Troisième chambre civile, 11 avril 2019 — 18-13.584

Rejet Cour de cassation — Troisième chambre civile

Textes visés

  • Article 1014 du code de procédure civile.

Texte intégral

CIV.3

MY1

COUR DE CASSATION ______________________

Audience publique du 11 avril 2019

Rejet non spécialement motivé

M. CHAUVIN, président

Décision n° 10132 F

Pourvoi n° N 18-13.584

R É P U B L I Q U E F R A N Ç A I S E

_________________________

AU NOM DU PEUPLE FRANÇAIS _________________________

LA COUR DE CASSATION, TROISIÈME CHAMBRE CIVILE, a rendu la décision suivante :

Vu le pourvoi formé par M. X... V..., domicilié [...] ,

contre l'arrêt rendu le 10 novembre 2017 par la cour d'appel de Paris (pôle 4, chambre 1), dans le litige l'opposant :

1°/ à Mme M... V...-K..., épouse A... K..., domiciliée [...] ,

2°/ à Mme I... V...-U..., épouse J..., domiciliée [...]

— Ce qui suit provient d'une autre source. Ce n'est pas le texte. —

Theorem unitary_intertwiner_near_id : exists W, is_unitary W /\ (forall g x, pi g (W x) = W (om g x)) /\ opdist_le W (fun x => x) (8 * t).
Proof.
  exists Wop. split; [|split].
  - split; [exact W_linear|split; [exact W_inner|]].
    apply (isometry_near_id_surjective Wop W_linear W_inner (8 * t)); [lra|exact W_near_id].
  - exact W_intertwines.
  - exact W_near_id.
Qed.

End Polar.

(** * Scaled defects are uniformly inner *)

Lemma nat_even_or_odd (k : nat) : (exists m, k = (2 * m)%nat) \/ (exists m, k = (2 * m + 1)%nat).
Proof. destruct (Nat.Even_or_Odd k) as [[m Hm]|[m Hm]]; [left|right]; exists m; lia. Qed.

Lemma even_double m : Nat.even (2 * m) = true.
Proof. apply Nat.even_even. Qed.
Lemma even_succ_double m : Nat.even (S (2 * m)) = false.
Proof. replace (S (2 * m)) with (2 * m + 1)%nat by lia. apply Nat.even_odd. Qed.

Section Singles.
Context {H : HilbertSpace}.
Notation K := (@l2space H).

Lemma coord_add (u v : K) k : coord (hadd u v) k = hadd (coord u k) (coord v k).
Proof. reflexivity. Qed.
Lemma coord_scal a (u : K) k : coord (hscal a u) k = hscal a (coord u k).
Proof. reflexivity. Qed.
Lemma coord_sub (u v : K) k : coord (hsub u v) k = hsub (coord u k) (coord v k).
Proof. reflexivity. Qed.
Lemma l2_hnorm2_Series (u : K) : hnorm2 u = Series (fun k => hnorm2 (coord u k)).
Proof. reflexivity. Qed.
(* Let $G$ be a finite simple graph containing a leaf (a vertex of degree one), and let $I=I(G)\subset R=K[V(G)]$ be its edge ideal. Then $\operatorname{Ass}(R/I^t)\subset\operatorname{Ass}(R/I^{t+1})$ for all $t\ge1$; that is, the sets of associated primes of the powers of $I$ form an ascending chain.
   Context: $R=K[x_1,\dots,x_n]$ with $K$ a field and the vertices of $G$ identified with the variables; $I(G)$ is generated by the monomials $x_ix_j$ with $\{x_i,x_j\}$ an edge of $G$. $\operatorname{Ass}(M)$ denotes the set of associated primes of an $R$-module $M$. *)

(* Multivariate polynomial ring K[x_0,...,x_{n-1}] built as
   iterated univariate polynomials K[x_0][x_1]...[x_{n-1}]. *)
From HB Require Import structures.
From mathcomp Require Import all_boot all_order all_algebra.
Set Implicit Arguments. Unset Strict Implicit. Unset Printing Implicit Defensive.
Import GRing.Theory.
Local Open Scope ring_scope.

Fixpoint mpoly (R : comNzRingType) (n : nat) : comNzRingType :=
  match n with
  | 0 => R
  | n'.+1 => ({poly mpoly R n'} : comNzRingType)
  end.

(* the variable x_i (i < n) of mpoly R n; x_{n-1} is the outermost 'X *)
Fixpoint mvar (R : comNzRingType) (n : nat) : nat -> mpoly R n :=
  match n return nat -> mpoly R n with
  | 0 => fun _ => 0
  | n'.+1 => fun i => if i == n' then ('X : {poly mpoly R n'})
                      else ((mvar R n' i)%:P : {poly mpoly R n'})
  end.

Definition x_ (R : comNzRingType) (n : nat) (i : 'I_n) : mpoly R n := mvar R n i.

Definition ideal_gen (A : comNzRingType) (S : A -> Prop) : A -> Prop :=
  fun f => exists s : seq (A * A),
    (forall p, p \in s -> S p.2) /\ f = \sum_(p <- s) p.1 * p.2.

Fixpoint prods (A : comNzRingType) (S : A -> Prop) (t : nat) : A -> Prop :=
  match t with
  | 0 => fun g => g = 1
  | t'.+1 => fun g => exists a b, S a /\ prods S t' b /\ g = a * b
  end.

Definition ideal_pow (A : comNzRingType) (I : A -> Prop) (t : nat) : A -> Prop :=
  ideal_gen (prods I t).

Definition prime_ideal (A : comNzRingType) (P : A -> Prop) : Prop :=
  [/\ P 0, ~ P 1,
      (forall a b, P a -> P b -> P (a + b)),
      (forall r a, P a -> P (r * a)) &
      (forall a b, P (a * b) -> P a \/ P b)].

(* P \in Ass(A/J): P is prime and P = Ann_A(f + J) for some f in A *)
Definition Ass (A : comNzRingType) (J : A -> Prop) (P : A -> Prop) : Prop :=
  prime_ideal P /\ exists f : A, forall g, P g <-> J (g * f).

Definition edge_ideal (K : fieldType) (n : nat) (e : rel 'I_n) : mpoly K n -> Prop :=
  ideal_gen (fun g => exists i j : 'I_n, e i j /\ g = x_ K i * x_ K j).

Definition simple_graph (n : nat) (e : rel 'I_n) : Prop :=
  symmetric e /\ irreflexive e.

Definition has_leaf (n : nat) (e : rel 'I_n) : Prop :=
  exists v : 'I_n, #|[set u | e v u]| = 1%N.

(* Let v be a leaf with neighbour u.  Then I^(t+1) : x_u x_v = I^t, so f + I^t and
   x_u x_v f + I^(t+1) have the same annihilator.  For the other, write g x_u x_v as a combination of products of t+1
   edges and divide it by x_v, then by x_u; since v is a leaf, x_v only occurs in
   edges {u,v}.  A product containing an edge {u,v} loses exactly that edge.  If
   instead x_u is taken from an edge {u,w}, the x_v is taken from a later edge
   {u,v}, whose leftover x_u joins x_w into a new edge {u,w}.  In every case at
   least t edges survive. *)
From mathcomp Require Import all_boot all_algebra ring.
Set Implicit Arguments. Unset Strict Implicit. Unset Printing Implicit Defensive.
Import GRing.Theory.
Local Open Scope ring_scope.

Section DivideByVariable.
Variable R : comNzRingType.

(* Division by x_w, discarding the monomials not divisible by x_w: additive, but
   multiplicative only against the other variables. *)
Fixpoint mdivX (n w : nat) : mpoly R n -> mpoly R n :=
  match n return mpoly R n -> mpoly R n with
  | 0 => fun _ => 0
  | n'.+1 => fun p : {poly mpoly R n'} =>
      if w == n' then \poly_(i < size p) p`_i.+1
      else \poly_(i < size p) mdivX w p`_i
  end.
Arguments mdivX n w : clear implicits.

Lemma mdivX0 n w : mdivX n w 0 = 0.
Proof.
elim: n => [|n IH] //=.
by case: ifP => _; apply/polyP => i; rewrite coef_poly !coef0 ?IH; case: ifP.
Qed.

Lemma coef_mdivX n w (p : {poly mpoly R n}) i :
  (mdivX n.+1 w p)`_i = if w == n then p`_i.+1 else mdivX n w p`_i.
Proof.
rewrite /=; case: ifP => _; rewrite coef_poly; case: ltnP => // lep.
  by rewrite nth_default // (leq_trans lep).
by rewrite nth_default // mdivX0.
Qed.

Lemma mdivXD n w (p q : mpoly R n) : mdivX n w (p + q) = mdivX n w p + mdivX n w q.
Proof.
elim: n w p q => [|n IH] w p q /=; first by rewrite addr0.
by apply/polyP => i; rewrite coefD !coef_mdivX; case: ifP => _; rewrite coefD // IH.
Qed.

Lemma mdivX_sum n w I (r : seq I) (F : I -> mpoly R n) :
  mdivX n w (\sum_(i <- r) F i) = \sum_(i <- r) mdivX n w (F i).
Proof. by elim: r => [|i r IH]; rewrite ?big_nil ?mdivX0 // !big_cons mdivXD IH. Qed.

Lemma mdivX_mulX n w (p : mpoly R n) : (w < n)%N -> mdivX n w (p * mvar R n w) = p.
Proof.
elim: n w p => [|n IH] w p // ltwn; rewrite [mvar _ _ _]/=.
case: ifP => wn; apply/polyP => i; rewrite coef_mdivX wn; first by rewrite coefMX.
by rewrite coefMC IH //; move: ltwn; rewrite ltnS leq_eqVlt wn.
Qed.

Lemma mdivX_mulX_neq n w i (p : mpoly R n) : i != w ->
  mdivX n w (p * mvar R n i) = mdivX n w p * mvar R n i.
Proof.
elim: n w i p => [|n IH] w i p neq_iw; first by rewrite /= mul0r.
rewrite [mvar _ _ _]/=.
have [wn | nwn] := eqVneq w n.
  have -> : (i == n) = false by rewrite -wn (negbTE neq_iw).
  by apply/polyP => j; rewrite !(coef_mdivX, coefMC) wn eqxx.
case: ifP => _; apply/polyP => j; rewrite coef_mdivX (negbTE nwn).
  by rewrite !coefMX coef_mdivX (negbTE nwn); case: (j == 0%N); rewrite ?mdivX0.
by rewrite !coefMC coef_mdivX (negbTE nwn) IH.
Qed.
End DivideByVariable.

Section IdealGen.
Variable A : comNzRingType.
Implicit Types S : A -> Prop.

Lemma ideal_gen_sub S x : S x -> ideal_gen S x.
Proof.
move=> Sx; exists [:: (1, x)]; split; last by rewrite big_seq1 mul1r.
by move=> p; rewrite inE => /eqP ->.
Qed.

Lemma ideal_gen0 S : ideal_gen S 0.
Proof. by exists [::]; rewrite big_nil. Qed.

Lemma ideal_genD S x y : ideal_gen S x -> ideal_gen S y -> ideal_gen S (x + y).
Proof.
move=> [s1 [S1 ->]] [s2 [S2 ->]]; exists (s1 ++ s2); split; last by rewrite big_cat.
by move=> p; rewrite mem_cat => /orP [] ?; [apply: S1 | apply: S2].
Qed.

Lemma ideal_genMl S r x : ideal_gen S x -> ideal_gen S (r * x).
Proof.
move=> [s [Ss ->]]; exists [seq (r * p.1, p.2) | p <- s]; split.
  by move=> _ /mapP [q sq ->] /=; apply: Ss.
by rewrite big_map mulr_sumr; apply: eq_bigr => q _; rewrite mulrA.
Qed.

Lemma ideal_gen_sum S (I : eqType) (r : seq I) (F : I -> A) :
  (forall i, i \in r -> ideal_gen S (F i)) -> ideal_gen S (\sum_(i <- r) F i).
Proof.
elim: r => [|i r IH] Sr; first by rewrite big_nil; apply: ideal_gen0.
rewrite big_cons; apply: ideal_genD; first by apply: Sr; rewrite mem_head.
by apply: IH => j rj; apply: Sr; rewrite in_cons rj orbT.
Qed.

Lemma ideal_gen_mono S S' x : (forall z, S z -> S' z) ->
  ideal_gen S x -> ideal_gen S' x.
Proof. by move=> SS' [s [Ss ->]]; exists s; split => // p sp; apply/SS'/Ss. Qed.

Lemma ideal_genM S1 S2 x y : ideal_gen S1 x -> ideal_gen S2 y ->
  ideal_gen (fun z => exists a b, [/\ S1 a, S2 b & z = a * b]) (x * y).
Proof.
move=> [s1 [S1s ->]] [s2 [S2s ->]].
rewrite mulr_suml; apply: ideal_gen_sum => p s1p; rewrite -mulrA; apply: ideal_genMl.
rewrite mulr_sumr; apply: ideal_gen_sum => q s2q; rewrite mulrCA; apply: ideal_genMl.
by apply: ideal_gen_sub; exists p.2, q.2; split; [apply: S1s | apply: S2s |].
Qed.

Lemma ideal_gen_prods0 S x : ideal_gen (prods S 0) x.
Proof. by rewrite -[x]mulr1; apply/ideal_genMl/ideal_gen_sub. Qed.

Lemma ideal_gen_prodsMr S t x a : ideal_gen (prods S t) x -> S a ->
  ideal_gen (prods S t.+1) (x * a).
Proof.
move=> Jx Sa; rewrite mulrC.
apply: ideal_gen_mono (ideal_genM (ideal_gen_sub Sa) Jx).
by move=> z [a' [b [Sa' Pb ->]]]; exists a', b.
Qed.

Lemma prods_ideal_gen S t y : prods (ideal_gen S) t y -> ideal_gen (prods S t) y.
Proof.
elim: t y => [|t IH] y /=; first by move->; apply: ideal_gen_sub.
move=> [a [b [Ia [Pb ->]]]]; rewrite mulrC.
apply: ideal_gen_mono (ideal_genM (IH _ Pb) Ia).
by move=> z [b' [a' [Pb' Sa' ->]]]; exists a', b'; rewrite mulrC.
Qed.

Lemma ideal_pow_gen S t x : ideal_pow (ideal_gen S) t x <-> ideal_gen (prods S t) x.
Proof.
split=> [[s [Ps ->]]|].
  by apply: ideal_gen_sum => p sp; apply/ideal_genMl/prods_ideal_gen/Ps.
apply: ideal_gen_mono => z; elim: t z => [|t IH] z //= [a [b [Sa [Pb ->]]]].
by exists a, b; split; [apply: ideal_gen_sub | split; first apply: IH].
Qed.

Lemma Ass_colon (J J' : A -> Prop) (m : A) :
  (forall g, J' (g * m) <-> J g) -> forall P, Ass J P -> Ass J' P.
Proof.
move=> colonJ P [primeP [f annP]]; split=> //; exists (m * f) => g.
by rewrite (annP g) -colonJ mulrA mulrAC.
Qed.

End IdealGen.

Section LeafColon.
Variables (R : comNzRingType) (n : nat) (e : rel 'I_n).
Hypothesis e_sym : symmetric e.
Variables (v u : 'I_n).
Hypotheses (e_vu : e v u) (leaf_v : forall j, e v j -> j = u).

Let X (i : 'I_n) : mpoly R n := x_ R i.
Let S (g : mpoly R n) : Prop := exists i j : 'I_n, e i j /\ g = X i * X j.
Let J (t : nat) : mpoly R n -> Prop := ideal_gen (prods S t).
Let divX (w : 'I_n) : mpoly R n -> mpoly R n := @mdivX R n w.

Lemma divX_mulX w p : divX w (p * X w) = p.
Proof. exact: mdivX_mulX (ltn_ord w). Qed.

Lemma divX_mulX_neq w i p : i != w -> divX w (p * X i) = divX w p * X i.
Proof. exact: mdivX_mulX_neq. Qed.

Lemma leaf_edge_cases i j : e i j -> X i * X j = X u * X v \/ (i != v /\ j != v).
Proof.
move=> e_ij; have [iv | niv] := eqVneq i v.
  by left; rewrite iv (leaf_v (_ : e v j)) -?iv // mulrC.
have [jv | njv] := eqVneq j v; last by right.
by left; rewrite jv (leaf_v (_ : e v i)) // e_sym -jv.
Qed.

Lemma divX_leaf_mul_nbr m b c w : prods S m b -> e u w -> J m (divX v (c * b) * X w).
Proof.
elim: m b c => [|m IH] b c; first by move=> *; apply: ideal_gen_prods0.
move=> [_ [b' [[i [j [e_ij ->]]] [Pb' ->]]]] e_uw.
have [-> | [niv njv]] := leaf_edge_cases e_ij.
  rewrite [_ * b']mulrC !mulrA divX_mulX -mulrA.
  apply: ideal_gen_prodsMr; last by exists u, w.
  by apply/ideal_genMl/ideal_gen_sub.
rewrite [_ * b']mulrC !mulrA !(divX_mulX_neq (w := v)) //.
rewrite (_ : _ * X w = divX v (c * b') * X w * (X i * X j)); last by ring.
by apply: ideal_gen_prodsMr; [apply: IH | exists i, j].
Qed.

Lemma divX_leaf_nbr_prods k p c : prods S k.+1 p -> J k (divX u (divX v (c * p))).
Proof.
elim: k p c => [|k IH] p c; first by move=> *; apply: ideal_gen_prods0.
move=> [_ [b [[i [j [e_ij ->]]] [Pb ->]]]].
have [-> | [niv njv]] := leaf_edge_cases e_ij.
  by rewrite [_ * b]mulrC !mulrA !divX_mulX; apply/ideal_genMl/ideal_gen_sub.
rewrite [_ * b]mulrC !mulrA !(divX_mulX_neq (w := v)) //.
case: (eqVneq i u) e_ij => [-> | niu] e_ij.
  by rewrite mulrAC divX_mulX; exact: (@divX_leaf_mul_nbr k.+1 b c j Pb e_ij).
case: (eqVneq j u) e_ij => [-> | nju] e_ij.
  by rewrite divX_mulX; apply: (@divX_leaf_mul_nbr k.+1 b c i Pb); rewrite e_sym.
rewrite !(divX_mulX_neq (w := u)) // -mulrA.
by apply: ideal_gen_prodsMr; [apply: IH | exists i, j].
Qed.

Lemma leaf_colon t g : J t.+1 (g * (X u * X v)) <-> J t g.
Proof.
split=> [[s [Ps gE]] | Jg]; last first.
  by apply: ideal_gen_prodsMr Jg _; exists u, v; rewrite e_sym.
rewrite -[g](divX_mulX u) -[g * X u](divX_mulX v) -mulrA gE /divX !mdivX_sum.
by apply: ideal_gen_sum => p sp; apply/divX_leaf_nbr_prods/Ps.
Qed.

End LeafColon.

Theorem proposition4p20 (K : fieldType) (n : nat) (e : rel 'I_n) :
  simple_graph e -> has_leaf e ->
  forall t : nat, (1 <= t)%N ->
  forall P : mpoly K n -> Prop,
    Ass (ideal_pow (@edge_ideal K n e) t) P ->
    Ass (ideal_pow (@edge_ideal K n e) t.+1) P.
Proof.
move=> [e_sym _] [v deg_v] t _.
have [u nbr_v] : exists u, [set j | e v j] = [set u] by apply/cards1P; rewrite deg_v.
have e_vu : e v u by have := set11 u; rewrite -nbr_v inE.
have leaf_v j : e v j -> j = u by move=> e_vj; apply/set1P; rewrite -nbr_v inE.
apply: (Ass_colon (m := x_ K u * x_ K v)) => g.
by rewrite /edge_ideal !ideal_pow_gen; apply: leaf_colon.
Qed.
(* Fix $p\in(0,1)$ and $B>0$, and suppose $Y_{a,b}\in[0,B]$ for all pairs. Under the Alternating Path Randomized Design, for a component $\mathcal{P}_s$ of length $k=k(s)$: if $\mathcal{P}_s$ is a path, \[\max_{Y_e\in[0,B]\ \forall e\in\mathcal{P}_s}\mathrm{Var}(\hat\Gamma_s)=\Big(\frac1p+\frac2{1-p}\Big)B^2k+\frac{2B^2(p^{k}-1)}{(1-p)^2};\] if $\mathcal{P}_s$ is a cycle, \[\max_{Y_e\in[0,B]\ \forall e\in\mathcal{P}_s}\mathrm{Var}(\hat\Gamma_s)=\Big(\frac1p+\frac2{1-p}\Big)B^2(k-1)+\frac{2B^2(p^{k-1}-1)}{(1-p)^2}+\frac{B^2\big(4+2p-p^2-p^3-p^{k-2}(2+p+p^2)\big)}{(1-p)(1+p^{k-1})}.\] Moreover, for both paths and cycles, \[\lim_{k\to\infty}\frac{1}{k}\max_{Y_e\in[0,B]\ \forall e\in\mathcal{P}_s}\mathrm{Var}(\hat\Gamma_s)=\frac{B^2(1+p)}{p(1-p)}.\]
   Context: Setting: $2N$ agents; $\mathbb{M}^t,\mathbb{M}^c$ are one-to-one matchings (sets of unordered pairs of distinct agents, each agent in at most one pair); each pair $(a,b)$ has a fixed real potential outcome $Y_{a,b}$. The disagreement set $\triangle\mathbb{M}^{(t,c)}=(\mathbb{M}^t\cup\mathbb{M}^c)\setminus(\mathbb{M}^t\cap\mathbb{M}^c)$, viewed as a graph, has connected components, each an alternating path or cycle: a sequence $(v_{s,1},\dots,v_{s,k(s)+1})$ whose consecutive pairs $e_{s,j}=(v_{s,j},v_{s,j+1})$, $j=1,\dots,k(s)$, are its edges, alternating between $\triangle\mathbb{M}^{(t,c)}_t=\triangle\mathbb{M}^{(t,c)}\cap\mathbb{M}^t$ and $\triangle\mathbb{M}^{(t,c)}_c=\triangle\mathbb{M}^{(t,c)}\cap\mathbb{M}^c$; a cycle if $v_{s,1}=v_{s,k(s)+1}$, a path otherwise; $k(s)$ is its length. Alternating Path Randomized Design with parameter $p$: indicators $W_{s,j}\in\{0,1\}$, independent across components; within $\mathcal{P}_s$, $\mathbb{P}(W_{s,1}=1)=p/(1+p)$; for $2\le j\le k(s)$ (path) or $2\le j\le k(s)-1$ (cycle), conditionally on $W_{s,1},\dots,W_{s,j-1}$, $W_{s,j}=1$ with probability $p$ if $W_{s,j-1}=0$ and $W_{s,j}=0$ if $W_{s,j-1}=1$; for a cycle, $W_{s,k(s)}=1$ iff $W_{s,1}=W_{s,k(s)-1}=0$. $\hat\Gamma_s=\sum_{j:\,e_{s,j}\in\triangle\mathbb{M}^{(t,c)}_t}\frac{W_{s,j}Y_{e_{s,j}}}{\mathbb{P}(W_{s,j}=1)}-\sum_{j:\,e_{s,j}\in\triangle\mathbb{M}^{(t,c)}_c}\frac{W_{s,j}Y_{e_{s,j}}}{\mathbb{P}(W_{s,j}=1)}$. The limit statement is over components (paths, respectively cycles) whose length $k$ tends to infinity, with the maxima given by the formulas above. *)

From HB Require Import structures.
From mathcomp Require Import all_boot all_order all_algebra.
From mathcomp Require Import all_classical all_reals all_analysis.
Set Implicit Arguments. Unset Strict Implicit. Unset Printing Implicit Defensive.
Import Order.TTheory GRing.Theory Num.Theory.
Local Open Scope ring_scope.

(* A component P_s of length k is represented by its edges e_{s,1..k},
   indexed 0..k-1 (index j <-> edge e_{s,j+1}).  A realization of the
   design is a tuple w : k.-tuple bool, w_j = W_{s,j+1}. *)

Section APRD.
Variable R : realType.
Variable p : R.

Definition apr_init (b : bool) : R := if b then p / (1 + p) else 1 / (1 + p).

Definition apr_trans (prev cur : bool) : R :=
  if prev then (if cur then 0 else 1) else (if cur then p else 1 - p).

Definition apr_step k (w : k.-tuple bool) (j : nat) : R :=
  if j == 0%N then apr_init (nth false w 0)
  else apr_trans (nth false w j.-1) (nth false w j).

Definition path_prob k (w : k.-tuple bool) : R :=
  \prod_(j < k) apr_step w j.

Definition cycle_prob k (w : k.-tuple bool) : R :=
  (\prod_(j < k.-1) apr_step w j) *
  (if nth false w k.-1 == (~~ nth false w 0 && ~~ nth false w k.-2) then 1 else 0).

Definition marg k (P : k.-tuple bool -> R) (j : nat) : R :=
  \sum_(w : k.-tuple bool) (if nth false w j then P w else 0).

(* sign of edge e_{s,j+1}: +1 if it lies in the treatment matching, -1 if in
   the control matching; the edges alternate, t1 says whether e_{s,1} is in M^t *)
Definition edge_sign (t1 : bool) (j : nat) : R :=
  if t1 then (-1) ^+ j else (-1) ^+ j.+1.

Definition Gamma_hat k (P : k.-tuple bool -> R) (t1 : bool) (Y : nat -> R)
  (w : k.-tuple bool) : R :=
  \sum_(j < k) edge_sign t1 j *
     (if nth false w j then Y j / marg P j else 0).

Definition expect k (P : k.-tuple bool -> R) (X : k.-tuple bool -> R) : R :=
  \sum_(w : k.-tuple bool) P w * X w.

Definition variance k (P : k.-tuple bool -> R) (X : k.-tuple bool -> R) : R :=
  expect P (fun w => (X w - expect P X) ^+ 2).

Definition Var_Gamma k (P : k.-tuple bool -> R) (t1 : bool) (Y : nat -> R) : R :=
  variance P (Gamma_hat P t1 Y).

Definition is_max_var k (P : k.-tuple bool -> R) (t1 : bool) (B M : R) : Prop :=
  (forall Y : nat -> R, (forall j, (j < k)%N -> 0 <= Y j <= B) ->
       Var_Gamma P t1 Y <= M) /\
  (exists Y : nat -> R, (forall j, (j < k)%N -> 0 <= Y j <= B) /\
       Var_Gamma P t1 Y = M).

End APRD.

From Pilot Require Import Defs.
From HB Require Import structures.
From mathcomp Require Import all_boot all_order all_algebra.
From mathcomp Require Import all_classical all_reals all_analysis.
From mathcomp Require Import zify.
From mathcomp.algebra_tactics Require Import ring lra.
Import Order.TTheory GRing.Theory Num.Theory.
Import numFieldNormedType.Exports.
Local Open Scope classical_set_scope.
Local Open Scope ring_scope.
Set Implicit Arguments. Unset Strict Implicit. Unset Printing Implicit Defensive.

(* Gamma_hat is a signed inverse-probability weighted sum of the indicators
   W_j, so its variance is the quadratic form sum_(i,j) Y_i Y_j K_ij with
   K_ij = (-1)^(i+j) (P(W_i = W_j = 1) / (P(W_i = 1) P(W_j = 1)) - 1).
   Along a path the design is a stationary two-state Markov chain whose
   transition matrix has eigenvalues 1 and -p; hence every marginal is
   p/(1+p) and K_ij = p^|i-j| / p.  On a cycle the last indicator is a
   function of the path formed by the other edges, and its row of K is
   computed from the same chain.  All entries of K are nonnegative, so the
   maximum over the box [0,B]^k is attained at Y = B and equals
   B^2 sum_(i,j) K_ij; geometric sums give the closed forms, which are linear
   in k up to a bounded error, whence the limits. *)

Section BigSums.
Variable V : nmodType.

Lemma sum_square_recr n (F : nat -> nat -> V) :
  \sum_(i < n.+1) \sum_(j < n.+1) F i j =
  \sum_(i < n) \sum_(j < n) F i j + \sum_(j < n) F n j + \sum_(i < n) F i n + F n n.
Proof.
rewrite big_ord_recr /= big_ord_recr /=.
under eq_bigr do rewrite big_ord_recr /=.
by rewrite big_split /= -!addrA [X in _ + X]addrCA.
Qed.

Lemma sum_tuple_rcons n (F : n.+1.-tuple bool -> V) :
  \sum_(w : n.+1.-tuple bool) F w =
  \sum_(u : n.-tuple bool) \sum_(b : bool) F (rcons_tuple u b).
Proof.
rewrite pair_big /= (reindex (fun x : n.-tuple bool * bool => rcons_tuple x.1 x.2)) //=.
exists (fun w : n.+1.-tuple bool =>
  (belast_tuple (nth false w 0) (behead_tuple w), last (nth false w 0) (behead w))).
  move=> [u b] _ /=.
  have [belastE lastE] : belast (nth false (rcons u b) 0) (behead (rcons u b)) = u /\
                          last (nth false (rcons u b) 0) (behead (rcons u b)) = b.
    by case: u => [[|x s] Hs] //=; rewrite belast_rcons last_rcons.
  by congr (_, _) => //; apply: val_inj.
move=> w _; apply: val_inj => /=.
by case: w => [[|x s] Hs] //=; rewrite -lastI.
Qed.

Lemma sum_tuple0 (F : 0.-tuple bool -> V) : \sum_(w : 0.-tuple bool) F w = F [tuple].
Proof. by rewrite (big_pred1 [tuple]) // => u /=; apply/esym/eqP; exact: tuple0. Qed.

End BigSums.

Lemma nth_rcons_tuple T n (u : n.-tuple T) x0 b j :
  (j < n)%N -> nth x0 (rcons_tuple u b) j = nth x0 u j.
Proof. by move=> ltjn; rewrite /= nth_rcons size_tuple ltjn. Qed.

Lemma nth_rcons_tuple_last T n (u : n.-tuple T) x0 b : nth x0 (rcons_tuple u b) n = b.
Proof. by rewrite /= nth_rcons size_tuple ltnn eqxx. Qed.

Section VarianceKernel.
Variable R : realType.
Implicit Types (k : nat) (Y : nat -> R).

Definition joint_prob k (P : k.-tuple bool -> R) i j : R :=
  \sum_(w : k.-tuple bool) (if nth false w i && nth false w j then P w else 0).

(* The sign (-1)^(i+j) is the product of the two alternating edge signs. *)
Definition cov_kernel k (P : k.-tuple bool -> R) i j : R :=
  (-1) ^+ (i + j) * (joint_prob P i j / (marg P i * marg P j) - 1).

Lemma margE k (P : k.-tuple bool -> R) j :
  marg P j = \sum_w P w * (nth false w j)%:R.
Proof. by apply: eq_bigr => w _; case: (nth false w j); rewrite ?mulr1 ?mulr0. Qed.

Lemma joint_probE k (P : k.-tuple bool -> R) i j :
  joint_prob P i j = \sum_w P w * (nth false w i && nth false w j)%:R.
Proof. by apply: eq_bigr => w _; case: (_ && _); rewrite ?mulr1 ?mulr0. Qed.

Lemma joint_probxx k (P : k.-tuple bool -> R) i : joint_prob P i i = marg P i.
Proof. by apply: eq_bigr => w _; rewrite andbb. Qed.

Lemma cov_kernelC k (P : k.-tuple bool -> R) i j : cov_kernel P i j = cov_kernel P j i.
Proof.
rewrite /cov_kernel /joint_prob addnC [marg P i * _]mulrC.
by congr (_ * (_ / _ - _)); apply: eq_bigr => w _; rewrite andbC.
Qed.

Lemma varianceE k (P : k.-tuple bool -> R) X : \sum_w P w = 1 ->
  Defs.variance P X = Defs.expect P (fun w => X w ^+ 2) - Defs.expect P X ^+ 2.
Proof.
move=> P1; rewrite /Defs.variance /Defs.expect; set m := \sum_w P w * X w.
have -> : \sum_w P w * (X w - m) ^+ 2 =
          \sum_w (P w * X w ^+ 2 - (2 * m) * (P w * X w) + m ^+ 2 * P w).
  by apply: eq_bigr => w _; ring.
by rewrite big_split sumrB /= -!mulr_sumr P1 -/m; ring.
Qed.

Lemma edge_signM t1 i j : edge_sign R t1 i * edge_sign R t1 j = (-1) ^+ (i + j).
Proof. by case: t1; rewrite /edge_sign -exprD // !addSn addnS !exprS; ring. Qed.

3°/ à Mme B... V..., épouse P... W..., domiciliée [...] ,

4°/ à Mme T... V...-O... Y..., épouse D... E... N... F...,

5°/ à Mme Q... V...,

6°/ à M. C... V...,

domiciliés tous trois [...],

7°/ à Mme G... V... Z..., domiciliée [...] ,

défendeurs à la cassation ;

Vu la communication faite au procureur général ;

LA COUR, en l'audience publique du 12 mars 2019, où étaient présents : M. Chauvin, président, M. Jessel, conseiller rapporteur, M. Echappé, conseiller doyen, Mme Berdeaux, greffier de chambre ;

Vu les observations écrites de la SCP Richard, avocat de M. V..., de la SCP Lesourd, avocat de Mme M... V...-K..., de Mme I... V...-U..., de Mme B... V..., de Mme T... V...-O... Y..., de Mme Q... V..., et de Mme G... V... Z... ;

Sur le rapport de M. Jessel, conseiller, et après en avoir délibéré conformément à la loi ;

Vu l'article 1014 du code de procédure civile ;

Attendu que le moyen de cassation annexé, qui est invoqué à l'encontre de la décision attaquée, n'est manifestement pas de nature à entraîner la cassation ;

Qu'il n'y a donc pas lieu de statuer par une décision spécialement motivée ;

REJETTE le pourvoi ;

Condamne M. X... V... aux dépens ;

Vu l'article 700 du code de procédure civile, rejette la demande M. X... V... ; le condamne à payer la somme globale de 3 000 euros à Mme M... V...-K..., Mme I... V...-U..., Mme B... V..., Mme T... V...-O... Y..., Mme Q... V..., et Mme G... V... Z... ;

Ainsi décidé par la Cour de cassation, troisième chambre civile, et prononcé par le président en son audience publique du onze avril deux mille dix-neuf. MOYEN ANNEXE à la présente décision

Moyen produit par la SCP Richard, avocat aux Conseils, pour M. X... V....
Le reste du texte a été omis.